╭──
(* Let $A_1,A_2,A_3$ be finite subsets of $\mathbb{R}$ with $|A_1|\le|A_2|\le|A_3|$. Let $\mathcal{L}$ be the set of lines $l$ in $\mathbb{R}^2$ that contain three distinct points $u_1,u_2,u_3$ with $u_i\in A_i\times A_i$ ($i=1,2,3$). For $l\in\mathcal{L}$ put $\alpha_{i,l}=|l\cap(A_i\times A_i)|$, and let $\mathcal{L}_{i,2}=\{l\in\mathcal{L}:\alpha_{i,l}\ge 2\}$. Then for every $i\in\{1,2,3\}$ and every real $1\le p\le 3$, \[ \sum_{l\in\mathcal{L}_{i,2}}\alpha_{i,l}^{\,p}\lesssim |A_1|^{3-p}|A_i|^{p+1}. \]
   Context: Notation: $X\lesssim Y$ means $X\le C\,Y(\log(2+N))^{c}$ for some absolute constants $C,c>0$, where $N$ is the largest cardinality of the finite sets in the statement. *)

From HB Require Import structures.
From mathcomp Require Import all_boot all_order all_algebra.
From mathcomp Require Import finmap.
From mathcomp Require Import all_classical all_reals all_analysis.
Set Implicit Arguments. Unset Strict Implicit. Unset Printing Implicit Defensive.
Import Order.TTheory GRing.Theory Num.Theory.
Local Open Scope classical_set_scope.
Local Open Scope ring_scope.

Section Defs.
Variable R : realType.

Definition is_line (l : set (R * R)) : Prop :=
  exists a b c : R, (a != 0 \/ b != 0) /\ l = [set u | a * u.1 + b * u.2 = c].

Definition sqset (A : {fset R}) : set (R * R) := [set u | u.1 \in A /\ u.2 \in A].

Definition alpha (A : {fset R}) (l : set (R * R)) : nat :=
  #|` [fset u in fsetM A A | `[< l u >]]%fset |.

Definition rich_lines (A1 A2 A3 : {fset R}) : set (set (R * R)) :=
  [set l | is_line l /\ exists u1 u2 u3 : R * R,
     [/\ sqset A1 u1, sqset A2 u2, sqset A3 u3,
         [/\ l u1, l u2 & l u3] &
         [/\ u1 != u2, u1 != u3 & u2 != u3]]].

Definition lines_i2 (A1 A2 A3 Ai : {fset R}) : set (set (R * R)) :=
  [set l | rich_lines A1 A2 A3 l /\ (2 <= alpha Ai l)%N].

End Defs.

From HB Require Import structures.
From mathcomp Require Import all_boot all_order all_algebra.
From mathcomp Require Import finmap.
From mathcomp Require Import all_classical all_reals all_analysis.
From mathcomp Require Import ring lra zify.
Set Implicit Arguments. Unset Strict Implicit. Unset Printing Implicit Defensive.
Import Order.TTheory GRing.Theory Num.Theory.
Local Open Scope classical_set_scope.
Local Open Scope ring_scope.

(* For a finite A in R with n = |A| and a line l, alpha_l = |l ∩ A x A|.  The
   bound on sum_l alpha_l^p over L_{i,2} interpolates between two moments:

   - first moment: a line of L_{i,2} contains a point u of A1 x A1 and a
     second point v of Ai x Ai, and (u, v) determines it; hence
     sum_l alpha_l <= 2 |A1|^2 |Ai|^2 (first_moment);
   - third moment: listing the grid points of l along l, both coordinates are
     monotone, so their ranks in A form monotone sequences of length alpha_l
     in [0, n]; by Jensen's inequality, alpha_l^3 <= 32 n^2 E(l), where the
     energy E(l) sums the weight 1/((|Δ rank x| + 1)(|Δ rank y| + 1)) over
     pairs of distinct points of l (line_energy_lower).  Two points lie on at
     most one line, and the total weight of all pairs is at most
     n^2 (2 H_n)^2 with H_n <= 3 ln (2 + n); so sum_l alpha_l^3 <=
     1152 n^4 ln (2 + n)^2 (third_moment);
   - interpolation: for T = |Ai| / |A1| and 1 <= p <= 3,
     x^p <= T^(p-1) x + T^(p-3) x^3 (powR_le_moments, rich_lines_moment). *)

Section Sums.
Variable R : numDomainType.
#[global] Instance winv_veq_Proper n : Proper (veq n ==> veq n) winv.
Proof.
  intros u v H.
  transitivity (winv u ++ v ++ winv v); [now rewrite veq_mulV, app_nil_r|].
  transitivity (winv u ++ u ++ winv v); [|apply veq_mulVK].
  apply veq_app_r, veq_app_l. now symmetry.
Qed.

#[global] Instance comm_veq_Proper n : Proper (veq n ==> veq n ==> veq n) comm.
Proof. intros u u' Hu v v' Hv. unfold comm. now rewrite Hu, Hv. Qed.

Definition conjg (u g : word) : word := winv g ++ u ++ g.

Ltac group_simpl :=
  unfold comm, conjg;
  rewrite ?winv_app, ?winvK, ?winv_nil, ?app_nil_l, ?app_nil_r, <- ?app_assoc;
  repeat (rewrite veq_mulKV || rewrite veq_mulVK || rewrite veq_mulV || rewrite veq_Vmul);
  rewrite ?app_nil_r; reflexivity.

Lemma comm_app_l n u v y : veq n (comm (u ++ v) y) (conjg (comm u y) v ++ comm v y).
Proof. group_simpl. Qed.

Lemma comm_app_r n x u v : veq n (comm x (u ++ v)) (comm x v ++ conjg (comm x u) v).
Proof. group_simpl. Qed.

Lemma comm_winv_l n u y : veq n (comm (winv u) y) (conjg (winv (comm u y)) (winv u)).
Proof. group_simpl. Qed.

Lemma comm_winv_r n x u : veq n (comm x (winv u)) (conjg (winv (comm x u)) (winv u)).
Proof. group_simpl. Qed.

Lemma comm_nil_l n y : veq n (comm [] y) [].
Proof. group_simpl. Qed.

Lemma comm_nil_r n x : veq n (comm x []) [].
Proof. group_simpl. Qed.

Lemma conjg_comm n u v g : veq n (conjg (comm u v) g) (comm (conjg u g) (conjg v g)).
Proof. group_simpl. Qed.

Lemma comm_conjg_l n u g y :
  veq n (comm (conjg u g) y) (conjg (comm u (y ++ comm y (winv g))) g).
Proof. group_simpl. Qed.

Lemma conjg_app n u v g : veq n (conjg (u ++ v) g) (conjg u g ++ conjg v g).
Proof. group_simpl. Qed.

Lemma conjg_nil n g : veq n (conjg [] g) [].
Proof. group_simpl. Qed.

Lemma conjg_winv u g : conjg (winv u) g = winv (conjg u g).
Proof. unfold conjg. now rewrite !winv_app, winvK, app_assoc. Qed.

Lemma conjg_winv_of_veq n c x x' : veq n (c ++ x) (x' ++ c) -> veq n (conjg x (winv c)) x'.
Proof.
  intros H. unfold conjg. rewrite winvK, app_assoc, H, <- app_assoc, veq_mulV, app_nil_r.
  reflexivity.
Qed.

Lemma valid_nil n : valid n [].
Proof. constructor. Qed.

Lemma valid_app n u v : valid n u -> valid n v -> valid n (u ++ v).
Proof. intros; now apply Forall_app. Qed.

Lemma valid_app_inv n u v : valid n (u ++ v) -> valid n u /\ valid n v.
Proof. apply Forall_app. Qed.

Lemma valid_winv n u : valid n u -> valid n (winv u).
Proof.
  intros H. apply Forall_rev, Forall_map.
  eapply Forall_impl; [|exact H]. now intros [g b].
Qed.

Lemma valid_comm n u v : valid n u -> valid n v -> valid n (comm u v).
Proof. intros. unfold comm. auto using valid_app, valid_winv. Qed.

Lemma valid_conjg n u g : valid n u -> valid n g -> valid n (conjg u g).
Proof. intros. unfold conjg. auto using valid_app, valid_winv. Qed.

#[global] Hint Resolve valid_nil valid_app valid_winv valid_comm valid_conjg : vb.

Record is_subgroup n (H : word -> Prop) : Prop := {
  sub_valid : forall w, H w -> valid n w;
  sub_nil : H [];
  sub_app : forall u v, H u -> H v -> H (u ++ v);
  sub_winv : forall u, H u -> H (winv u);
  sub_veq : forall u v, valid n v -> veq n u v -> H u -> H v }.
╰──
Aim of the task → Could you reproduce every entry above exactly as written?

Output for this exercise →
(* Let $A_1,A_2,A_3$ be finite subsets of $\mathbb{R}$ with $|A_1|\le|A_2|\le|A_3|$. Let $\mathcal{L}$ be the set of lines $l$ in $\mathbb{R}^2$ that contain three distinct points $u_1,u_2,u_3$ with $u_i\in A_i\times A_i$ ($i=1,2,3$). For $l\in\mathcal{L}$ put $\alpha_{i,l}=|l\cap(A_i\times A_i)|$, and let $\mathcal{L}_{i,2}=\{l\in\mathcal{L}:\alpha_{i,l}\ge 2\}$. Then for every $i\in\{1,2,3\}$ and every real $1\le p\le 3$, \[ \sum_{l\in\mathcal{L}_{i,2}}\alpha_{i,l}^{\,p}\lesssim |A_1|^{3-p}|A_i|^{p+1}. \]
   Context: Notation: $X\lesssim Y$ means $X\le C\,Y(\log(2+N))^{c}$ for some absolute constants $C,c>0$, where $N$ is the largest cardinality of the finite sets in the statement. *)

From HB Require Import structures.
From mathcomp Require Import all_boot all_order all_algebra.
From mathcomp Require Import finmap.
From mathcomp Require Import all_classical all_reals all_analysis.
Set Implicit Arguments. Unset Strict Implicit. Unset Printing Implicit Defensive.
Import Order.TTheory GRing.Theory Num.Theory.
Local Open Scope classical_set_scope.
Local Open Scope ring_scope.

Section Defs.
Variable R : realType.

Definition is_line (l : set (R * R)) : Prop :=
  exists a b c : R, (a != 0 \/ b != 0) /\ l = [set u | a * u.1 + b * u.2 = c].

Definition sqset (A : {fset R}) : set (R * R) := [set u | u.1 \in A /\ u.2 \in A].

Definition alpha (A : {fset R}) (l : set (R * R)) : nat :=
  #|` [fset u in fsetM A A | `[< l u >]]%fset |.

Definition rich_lines (A1 A2 A3 : {fset R}) : set (set (R * R)) :=
  [set l | is_line l /\ exists u1 u2 u3 : R * R,
     [/\ sqset A1 u1, sqset A2 u2, sqset A3 u3,
         [/\ l u1, l u2 & l u3] &
         [/\ u1 != u2, u1 != u3 & u2 != u3]]].

Definition lines_i2 (A1 A2 A3 Ai : {fset R}) : set (set (R * R)) :=
  [set l | rich_lines A1 A2 A3 l /\ (2 <= alpha Ai l)%N].

End Defs.

From HB Require Import structures.
From mathcomp Require Import all_boot all_order all_algebra.
From mathcomp Require Import finmap.
From mathcomp Require Import all_classical all_reals all_analysis.
From mathcomp Require Import ring lra zify.
Set Implicit Arguments. Unset Strict Implicit. Unset Printing Implicit Defensive.
Import Order.TTheory GRing.Theory Num.Theory.
Local Open Scope classical_set_scope.
Local Open Scope ring_scope.

(* For a finite A in R with n = |A| and a line l, alpha_l = |l ∩ A x A|.  The
   bound on sum_l alpha_l^p over L_{i,2} interpolates between two moments:

   - first moment: a line of L_{i,2} contains a point u of A1 x A1 and a
     second point v of Ai x Ai, and (u, v) determines it; hence
     sum_l alpha_l <= 2 |A1|^2 |Ai|^2 (first_moment);
   - third moment: listing the grid points of l along l, both coordinates are
     monotone, so their ranks in A form monotone sequences of length alpha_l
     in [0, n]; by Jensen's inequality, alpha_l^3 <= 32 n^2 E(l), where the
     energy E(l) sums the weight 1/((|Δ rank x| + 1)(|Δ rank y| + 1)) over
     pairs of distinct points of l (line_energy_lower).  Two points lie on at
     most one line, and the total weight of all pairs is at most
     n^2 (2 H_n)^2 with H_n <= 3 ln (2 + n); so sum_l alpha_l^3 <=
     1152 n^4 ln (2 + n)^2 (third_moment);
   - interpolation: for T = |Ai| / |A1| and 1 <= p <= 3,
     x^p <= T^(p-1) x + T^(p-3) x^3 (powR_le_moments, rich_lines_moment). *)

Section Sums.
Variable R : numDomainType.
#[global] Instance winv_veq_Proper n : Proper (veq n ==> veq n) winv.
Proof.
  intros u v H.
  transitivity (winv u ++ v ++ winv v); [now rewrite veq_mulV, app_nil_r|].
  transitivity (winv u ++ u ++ winv v); [|apply veq_mulVK].
  apply veq_app_r, veq_app_l. now symmetry.
Qed.

#[global] Instance comm_veq_Proper n : Proper (veq n ==> veq n ==> veq n) comm.
Proof. intros u u' Hu v v' Hv. unfold comm. now rewrite Hu, Hv. Qed.

Definition conjg (u g : word) : word := winv g ++ u ++ g.

Ltac group_simpl :=
  unfold comm, conjg;
  rewrite ?winv_app, ?winvK, ?winv_nil, ?app_nil_l, ?app_nil_r, <- ?app_assoc;
  repeat (rewrite veq_mulKV || rewrite veq_mulVK || rewrite veq_mulV || rewrite veq_Vmul);
  rewrite ?app_nil_r; reflexivity.

Lemma comm_app_l n u v y : veq n (comm (u ++ v) y) (conjg (comm u y) v ++ comm v y).
Proof. group_simpl. Qed.

Lemma comm_app_r n x u v : veq n (comm x (u ++ v)) (comm x v ++ conjg (comm x u) v).
Proof. group_simpl. Qed.

Lemma comm_winv_l n u y : veq n (comm (winv u) y) (conjg (winv (comm u y)) (winv u)).
Proof. group_simpl. Qed.

Lemma comm_winv_r n x u : veq n (comm x (winv u)) (conjg (winv (comm x u)) (winv u)).
Proof. group_simpl. Qed.

Lemma comm_nil_l n y : veq n (comm [] y) [].
Proof. group_simpl. Qed.

Lemma comm_nil_r n x : veq n (comm x []) [].
Proof. group_simpl. Qed.

Lemma conjg_comm n u v g : veq n (conjg (comm u v) g) (comm (conjg u g) (conjg v g)).
Proof. group_simpl. Qed.

Lemma comm_conjg_l n u g y :
  veq n (comm (conjg u g) y) (conjg (comm u (y ++ comm y (winv g))) g).
Proof. group_simpl. Qed.

Lemma conjg_app n u v g : veq n (conjg (u ++ v) g) (conjg u g ++ conjg v g).
Proof. group_simpl. Qed.

Lemma conjg_nil n g : veq n (conjg [] g) [].
Proof. group_simpl. Qed.

Lemma conjg_winv u g : conjg (winv u) g = winv (conjg u g).
Proof. unfold conjg. now rewrite !winv_app, winvK, app_assoc. Qed.

Lemma conjg_winv_of_veq n c x x' : veq n (c ++ x) (x' ++ c) -> veq n (conjg x (winv c)) x'.
Proof.
  intros H. unfold conjg. rewrite winvK, app_assoc, H, <- app_assoc, veq_mulV, app_nil_r.
  reflexivity.
Qed.

Lemma valid_nil n : valid n [].
Proof. constructor. Qed.

Lemma valid_app n u v : valid n u -> valid n v -> valid n (u ++ v).
Proof. intros; now apply Forall_app. Qed.

Lemma valid_app_inv n u v : valid n (u ++ v) -> valid n u /\ valid n v.
Proof. apply Forall_app. Qed.

Lemma valid_winv n u : valid n u -> valid n (winv u).
Proof.
  intros H. apply Forall_rev, Forall_map.
  eapply Forall_impl; [|exact H]. now intros [g b].
Qed.

Lemma valid_comm n u v : valid n u -> valid n v -> valid n (comm u v).
Proof. intros. unfold comm. auto using valid_app, valid_winv. Qed.

Lemma valid_conjg n u g : valid n u -> valid n g -> valid n (conjg u g).
Proof. intros. unfold conjg. auto using valid_app, valid_winv. Qed.

#[global] Hint Resolve valid_nil valid_app valid_winv valid_comm valid_conjg : vb.

Record is_subgroup n (H : word -> Prop) : Prop := {
  sub_valid : forall w, H w -> valid n w;
  sub_nil : H [];
  sub_app : forall u v, H u -> H v -> H (u ++ v);
  sub_winv : forall u, H u -> H (winv u);
  sub_veq : forall u v, valid n v -> veq n u v -> H u -> H v }.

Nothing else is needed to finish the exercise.